─── Data shown ───

End RightIntegral.

End HopfAlgebra.

Section GaloisExtension.
Variables (k : fieldType) (A : algType k) (Delta : A -> seq (A * A)).
Variables (eps : A -> k) (S : A -> A) (J : A -> k).
Variables (Z : algType k) (alpha : Z -> seq (A * Z)).
Hypothesis hopfA : is_hopf_algebra Delta eps S.
Hypothesis haarJ : is_haar_measure Delta J.
Hypothesis galZ : is_galois_extension Delta eps alpha.

Lemma coaction_tlinear : tlinear alpha. Proof. by case: galZ => _ []. Qed.
Lemma coaction_tmultiplicative : tmultiplicative alpha. Proof. by case: galZ => _ []. Qed.
Lemma coaction_coassoc z :
  teq3 [seq (q.1, q.2, p.2) | p <- alpha z, q <- Delta p.1]
       [seq (p.1, q.1, q.2) | p <- alpha z, q <- alpha p.2].
Proof. by case: galZ => _ []. Qed.
Lemma galois_map_inj s t :
  teq2 (galois_map alpha s) (galois_map alpha t) -> teq2 s t.
Proof. by case: galZ => _ _ /(_ s t). Qed.

Lemma coaction_coassoc_sum (W : lmodType k) (T : A -> A -> Z -> W) z :
  is_trilinear T ->
  \sum_(p <- alpha z) \sum_(q <- Delta p.1) T q.1 q.2 p.2 =
  \sum_(p <- alpha z) \sum_(q <- alpha p.2) T p.1 q.1 q.2.
Proof. by move=> trilT; apply: coassoc_tsum trilT (coaction_coassoc z). Qed.

Definition coinv_proj z := \sum_(p <- alpha z) J (S p.1) *: p.2.

Lemma haar_coinv_proj mu : is_haar_measure alpha mu -> forall z, mu (coinv_proj z) = mu z.
Proof.
move=> [linmu leftmu mu1] z; have linJS := haar_antipode_linear hopfA haarJ.
rewrite /coinv_proj (linear_for_sum linmu).
under eq_bigr do rewrite (klinearZ linmu) mulrC -(klinearZ linJS).
rewrite -(linear_for_sum linJS) leftmu (klinearZ linJS).
by rewrite (haar_antipode1 hopfA haarJ) mulr1.
Qed.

───

Task to complete »
Return every line above where "Delta" appears.

Exercise result »
Variables (k : fieldType) (A : algType k) (Delta : A -> seq (A * A)).
Hypothesis hopfA : is_hopf_algebra Delta eps S.
Hypothesis haarJ : is_haar_measure Delta J.
Hypothesis galZ : is_galois_extension Delta eps alpha.
  teq3 [seq (q.1, q.2, p.2) | p <- alpha z, q <- Delta p.1]
  \sum_(p <- alpha z) \sum_(q <- Delta p.1) T q.1 q.2 p.2 =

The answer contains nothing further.